» TASK BRIEF
All lines in the entries below that hold "mproc" make up the answer.

» DATA EXCERPTS
==========
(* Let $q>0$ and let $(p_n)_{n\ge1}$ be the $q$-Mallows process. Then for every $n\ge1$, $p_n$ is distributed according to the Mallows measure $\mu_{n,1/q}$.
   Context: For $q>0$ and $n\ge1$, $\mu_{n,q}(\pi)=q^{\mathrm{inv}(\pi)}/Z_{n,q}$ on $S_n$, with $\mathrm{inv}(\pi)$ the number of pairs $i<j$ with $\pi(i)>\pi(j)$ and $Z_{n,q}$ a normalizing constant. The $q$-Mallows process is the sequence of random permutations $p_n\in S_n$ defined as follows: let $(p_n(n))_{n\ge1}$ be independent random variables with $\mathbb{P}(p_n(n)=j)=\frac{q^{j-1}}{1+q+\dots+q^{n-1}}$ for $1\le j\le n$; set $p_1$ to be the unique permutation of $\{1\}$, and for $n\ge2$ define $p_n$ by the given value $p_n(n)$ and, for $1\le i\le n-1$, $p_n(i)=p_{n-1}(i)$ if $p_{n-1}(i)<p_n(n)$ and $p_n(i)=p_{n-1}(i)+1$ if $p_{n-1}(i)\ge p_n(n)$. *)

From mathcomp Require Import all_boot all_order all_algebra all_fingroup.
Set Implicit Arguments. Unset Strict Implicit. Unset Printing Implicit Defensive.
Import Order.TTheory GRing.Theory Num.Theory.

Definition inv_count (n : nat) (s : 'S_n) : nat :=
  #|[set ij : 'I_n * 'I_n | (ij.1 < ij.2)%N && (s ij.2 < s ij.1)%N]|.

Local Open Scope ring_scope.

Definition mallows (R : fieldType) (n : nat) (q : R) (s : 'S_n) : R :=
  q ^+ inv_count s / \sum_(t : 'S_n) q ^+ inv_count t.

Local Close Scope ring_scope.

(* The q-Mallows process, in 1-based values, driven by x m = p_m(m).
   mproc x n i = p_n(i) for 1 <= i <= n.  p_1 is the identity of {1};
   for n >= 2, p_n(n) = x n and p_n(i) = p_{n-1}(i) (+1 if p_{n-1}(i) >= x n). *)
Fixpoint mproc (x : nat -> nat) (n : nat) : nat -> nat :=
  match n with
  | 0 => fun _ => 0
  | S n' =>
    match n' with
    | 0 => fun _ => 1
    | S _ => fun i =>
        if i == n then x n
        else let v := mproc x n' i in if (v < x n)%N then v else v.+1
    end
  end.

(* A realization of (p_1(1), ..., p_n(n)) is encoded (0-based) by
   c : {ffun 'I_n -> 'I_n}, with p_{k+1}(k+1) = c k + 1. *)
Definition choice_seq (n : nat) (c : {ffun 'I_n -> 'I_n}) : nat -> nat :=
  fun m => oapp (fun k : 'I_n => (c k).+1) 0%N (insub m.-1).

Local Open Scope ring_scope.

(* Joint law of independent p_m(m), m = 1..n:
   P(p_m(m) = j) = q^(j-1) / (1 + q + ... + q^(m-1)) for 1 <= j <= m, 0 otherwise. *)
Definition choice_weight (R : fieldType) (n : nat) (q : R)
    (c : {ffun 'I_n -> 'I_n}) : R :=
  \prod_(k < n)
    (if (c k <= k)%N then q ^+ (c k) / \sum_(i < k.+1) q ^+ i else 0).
==========
» THE ANSWER
   mproc x n i = p_n(i) for 1 <= i <= n.  p_1 is the identity of {1};
Fixpoint mproc (x : nat -> nat) (n : nat) : nat -> nat :=
        else let v := mproc x n' i in if (v < x n)%N then v else v.+1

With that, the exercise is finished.